Панюшкин хотел выйти из-за стола, но его остановил Мезенов:

– Подождите, Николай Петрович. Разговор продолжается. Вы несколько поторопились со своей обидой. Званцев отказался от предложенной ему должности.

– Как – отказался? – не понял Панюшкин.

– Категорически, – усмехнулся Мезенов.

– Володя, – Панюшкин повернулся к Званцеву. – Что же ты молчал?

– Вы не дали сказать мне ни слова. Вы так торопились высказать свое разочарование во мне...

– Перестань! – Панюшкин грохнул пальцами об стол. – Будем здесь еще выяснять, кто кого больше обидел! Почему ты отказался от должности начальника?

– Вы считаете, что я не должен был этого делать? – удивился Званцев.

– Да. Я считаю, что ты не должен был этого делать. Такие предложения в жизни бывают нечасто. И пренебрегать ими нельзя. Может не быть следующих. Это неграмотно. Это бездарно. Надо принимать подобные предложения с благодарностью и заверять, что приложишь все силы... И так далее. Я не говорю – должность, карьера, зарплата... Я говорю – становление.

– Тогда я вас не понимаю, – Званцев озадаченно посмотрел на Мезенова, на Чернухо, как бы спрашивая – понимают ли они?

– Господи, что тут странного! Мне показалось, что ты вел игру за моей спиной. Только и того. Это было бы ужасно. Я не знаю ничего более подлого. Так почему ты отказался?

– Я подумал, что так будет лучше. Я объяснил Олегу Ильичу, и он со мной согласился.

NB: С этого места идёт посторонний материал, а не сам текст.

Lemma tree_run_agree rw1 rw2 alg n : (0 < H)%N ->
  terminal rw1 -> terminal rw2 ->
  (forall t, (t < n)%N -> rw1 (episode_acts (tree_sys rw2) alg H t) =
                          rw2 (episode_acts (tree_sys rw2) alg H t)) ->
  forall t, (t <= n)%N -> run (tree_sys rw1) alg H t = run (tree_sys rw2) alg H t.
Proof.
move=> H_gt0 term1 term2 agree; elim=> [|t IH] // tn /=.
rewrite IH; last by lia.
by apply: (tree_run_ep_agree (q := [::])) => //; apply: agree.
Qed.

Lemma tree_acts_follow rw B pi : size B = H -> follows B pi ->
  acts_from (tree_sys rw) pi H 0 (e [::]) = B.
Proof.
move=> B_size B_pi.
suff acts_drop k i : (i + k = H)%N ->
    acts_from (tree_sys rw) pi k i (e (take i B)) = drop i B.
  by have := acts_drop H 0; rewrite take0 drop0; apply.
elim: k i => [|k IH] i ik /=; first by rewrite drop_oversize //; lia.
have iB : (i < size B)%N by lia.
rewrite r_e ?size_takel; try lia.
by rewrite B_pi -?(take_nth false iB) ?IH -?(drop_nth false iB) //; lia.
Qed.

Lemma follows_pol_of (Theta : Type) (mu : Theta -> C -> bool) th rw B :
  size B = H ->
  (forall i, (i < H)%N -> mu th (phi (take i B) i) = nth false B i) ->
  follows B (pol_of mu (tree_sys rw) th).
Proof.
move=> B_size B_th i iH; rewrite /pol_of /= r_e ?B_th //.
by rewrite size_takel // B_size ltnW.
Qed.

Section Jackpot.
Variables (Rbar : R) (B : seq bool).
Hypotheses (Rbar_gt0 : 0 < Rbar) (H_gt0 : (0 < H)%N) (B_size : size B = H).

Definition jackpot (q : seq bool) : R := if q == B then Rbar else 0.

Lemma jackpot_terminal : terminal jackpot.
Proof. by move=> q; rewrite /jackpot; case: eqP => // ->; rewrite B_size ltnn.
Qed.

Lemma jackpot_ge0 q : 0 <= jackpot q.
Proof. by rewrite /jackpot; case: ifP => // _; apply: ltW. Qed.

Lemma jackpot_le q : jackpot q <= Rbar.
Proof. by rewrite /jackpot; case: ifP => // _; apply: ltW. Qed.

Lemma jackpot_value_le pi : value (tree_sys jackpot) H pi <= Rbar.
Proof. by rewrite (tree_value jackpot_terminal) ?jackpot_le. Qed.

Lemma jackpot_value_follows pi :
  follows B pi -> value (tree_sys jackpot) H pi = Rbar.
Proof.
move=> B_pi; rewrite (tree_value jackpot_terminal) //.
by rewrite (tree_acts_follow _ B_size B_pi) /jackpot eqxx.
Qed.

Lemma jackpot_value_eq pi :
  value (tree_sys jackpot) H pi = Rbar ->
  acts_from (tree_sys jackpot) pi H 0 (e [::]) = B.
Proof.
rewrite (tree_value jackpot_terminal) // {1}/jackpot; case: eqP => // _ Rbar0.
by move: Rbar_gt0; rewrite Rbar0 ltxx.
Qed.

Lemma jackpot_opt_value pi : follows B pi -> opt_value (tree_sys jackpot) H Rbar.
Proof.
move=> B_pi; split; last exact: jackpot_value_le.
by exists pi; apply: jackpot_value_follows.
Qed.

Lemma jackpot_in_class (Theta : Type) (mu : Theta -> C -> bool) th :
  follows B (pol_of mu (tree_sys jackpot) th) ->
  in_class mu H Rbar (tree_sys jackpot).
Proof.
move=> B_th; split; first by move=> s a h _; apply: jackpot_ge0.
split; first exact: jackpot_value_le.
exists th; rewrite jackpot_value_follows //; split; first exact: jackpot_value_le.
by move=> pi /jackpot_value_eq ->; rewrite (tree_acts_follow _ B_size B_th).
Qed.

Lemma jackpot_ep_reward_le alg t :
  (0 < t)%N -> ep_reward (tree_sys jackpot) alg H t <= Rbar.
Proof.
by case: t => // t _; rewrite (tree_ep_reward jackpot_terminal) ?jackpot_le.
Qed.

Lemma jackpot_ep_reward_unseen alg n :
  (forall t, (t < n)%N -> episode_acts (tree_sys (fun=> 0)) alg H t != B) ->
  forall t, (0 < t <= n)%N -> ep_reward (tree_sys jackpot) alg H t = 0.
Proof.
move=> unseen [|t] // /andP[_ tn].
have zero_terminal : terminal (fun=> 0 : R) by [].
have -> : ep_reward (tree_sys jackpot) alg H t.+1 =
          ep_reward (tree_sys (fun=> 0)) alg H t.+1.
  rewrite /ep_reward.
  rewrite (tree_run_agree (n := n) H_gt0 jackpot_terminal zero_terminal) //.
  by move=> t' t'n; rewrite /jackpot (negbTE (unseen t' t'n)).
by rewrite (tree_ep_reward zero_terminal).
Qed.

Lemma jackpot_regret alg T n : (n <= T)%N ->
  (forall t, (t < n)%N -> episode_acts (tree_sys (fun=> 0)) alg H t != B) ->
  Rbar *+ n <= regret (tree_sys jackpot) alg H T Rbar.
Proof.
move=> nT unseen; apply: regret_ge_missed => // [t /andP[t_gt0 _]|].
  exact: jackpot_ep_reward_le.
exact: jackpot_ep_reward_unseen.
Qed.

End Jackpot.
End TreeSystem.

Fixpoint prefix_code (q : seq bool) : nat :=
  if q is a :: q' then (a + (prefix_code q').*2)%N else 1%N.

Lemma prefix_code_gt0 q : (0 < prefix_code q)%N.
Proof. by elim: q => [|a q IH] //=; lia. Qed.

Lemma prefix_code_inj : injective prefix_code.
Proof.
elim=> [|a q IH] [|a' q'] //=.
- by have := prefix_code_gt0 q'; lia.
- by have := prefix_code_gt0 q; lia.
move=> eq_code; have [-> eq_q] : a = a' /\ prefix_code q = prefix_code q'.
  by case: a a' eq_code => [] [] /=; lia.
by rewrite (IH _ eq_q).
Qed.

Lemma prefix_code_lt q : (prefix_code q < 2 ^ (size q).+1)%N.
Proof. by elim: q => [|a q IH] //=; rewrite expnS; lia. Qed.

Lemma prefix_embedding (S : Type) (H : nat) :
  (exists f : 'I_(2 ^ H) -> S, injective f) ->
  exists (e : seq bool -> S) (r : S -> seq bool),
    forall q, (size q < H)%N -> r (e q) = q.
Proof.
case=> f f_inj; have pow_gt0 : (0 < 2 ^ H)%N by rewrite expn_gt0.
pose e q := f (insubd (Ordinal pow_gt0) (prefix_code q)).
have code_lt q : (size q < H)%N -> (prefix_code q < 2 ^ H)%N.
  by move=> qH; apply: leq_trans (prefix_code_lt q) _; rewrite leq_exp2l.
have e_inj q q' : (size q < H)%N -> (size q' < H)%N -> e q = e q' -> q = q'.
  move=> qH q'H /f_inj /(congr1 val); rewrite !val_insubd !code_lt //.
  exact: prefix_code_inj.
exists e, (fun s => epsilon (inhabits [::]) (fun q => (size q < H)%N /\ e q = s)).
move=> q qH; have [q'H e_q'] := epsilon_spec (inhabits [::])
  (fun q' => (size q' < H)%N /\ e q' = e q) (ex_intro _ q (conj qH erefl)).
exact: e_inj.
Qed.

Lemma shattered_prefix (Theta C : Type) (mu : Theta -> C -> bool) D
    (lab : seq bool -> C) :
  (forall path : seq bool, size path = D -> exists th : Theta,
     forall i, (i < D)%N -> mu th (lab (take i path)) = nth false path i) ->
  forall b : seq bool, (size b <= D)%N -> exists th : Theta,
    forall i, (i < size b)%N -> mu th (lab (take i b)) = nth false b i.
Proof.
move=> shattered b bD.
have [|th th_path] := shattered (b ++ nseq (D - size b) false).
  by rewrite size_cat size_nseq; lia.
exists th => i ib; have := th_path i (leq_trans ib bD).
by rewrite takel_cat ?nth_cat ?ib // ltnW.
Qed.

– В таком случае тебе нетрудно будет объяснить все еще раз, – быстро сказал Панюшкин.

– Хорошо, постараюсь. Я считаю, что главное здесь, на Проливе, отнюдь не работа Комиссии и не ее выводы. Главное здесь – трубопровод. Завершение строительства. Какую бы должность я здесь ни занимал, какие бы выводы ни повезла уважаемая Комиссия в своем портфеле, заканчивать строительство вам. И это будет правильно по многим показателям. Экономическим, производственным, моральным.

– Моральным? – удивился Тюляфтин.

– Да. Я думаю, потому еще у нас получился этот ужин, что все мы поступили порядочно. Комиссия приняла жесткое решение, но никто не упрекнет ее в недоброжелательстве, предвзятости. Николай Петрович тоже поступал правильно, отстаивая себя и свое право закончить работу, которую начал. Считаю, что и я поступил правильно, отказавшись от столь лестного предложения. Помимо производственной целесообразности, плановых показателей, экономических результатов есть еще кое-что, не менее важное... Как бы это сказать... Каждый человек только тогда сможет работать хорошо, если он будет уверен – в любом случае с ним поступят порядочно, более того – великодушно. Возраст ли подошел, промашку допустил, сорвался на чем-то... Суд может быть самым жестким, но в нем все равно должно присутствовать великодушие, – Званцев говорил медленно, размеренно, даже с какой-то отстраненностью. И смотрел он не на людей, сидящих с ним за столом, а прямо перед собой, в розовато-зеленый, выцветший лист карты страны, прикнопленной к стене. – Когда утром люди выйдут на Пролив, они тоже должны быть уверены – с ними поступят великодушно, что бы ни произошло. Только тогда они смогут относиться к работе самоотверженно, заинтересованно, сознательно. Если бы я принял ваше предложение, Олег Ильич, у них не было бы такой уверенности. Во всяком случае, ее было бы меньше. Нужна не надежда на справедливое к тебе отношение – нужна железная уверенность. А великодушие входит в понятие справедливости. Нельзя быть справедливым, не проявив великодушия.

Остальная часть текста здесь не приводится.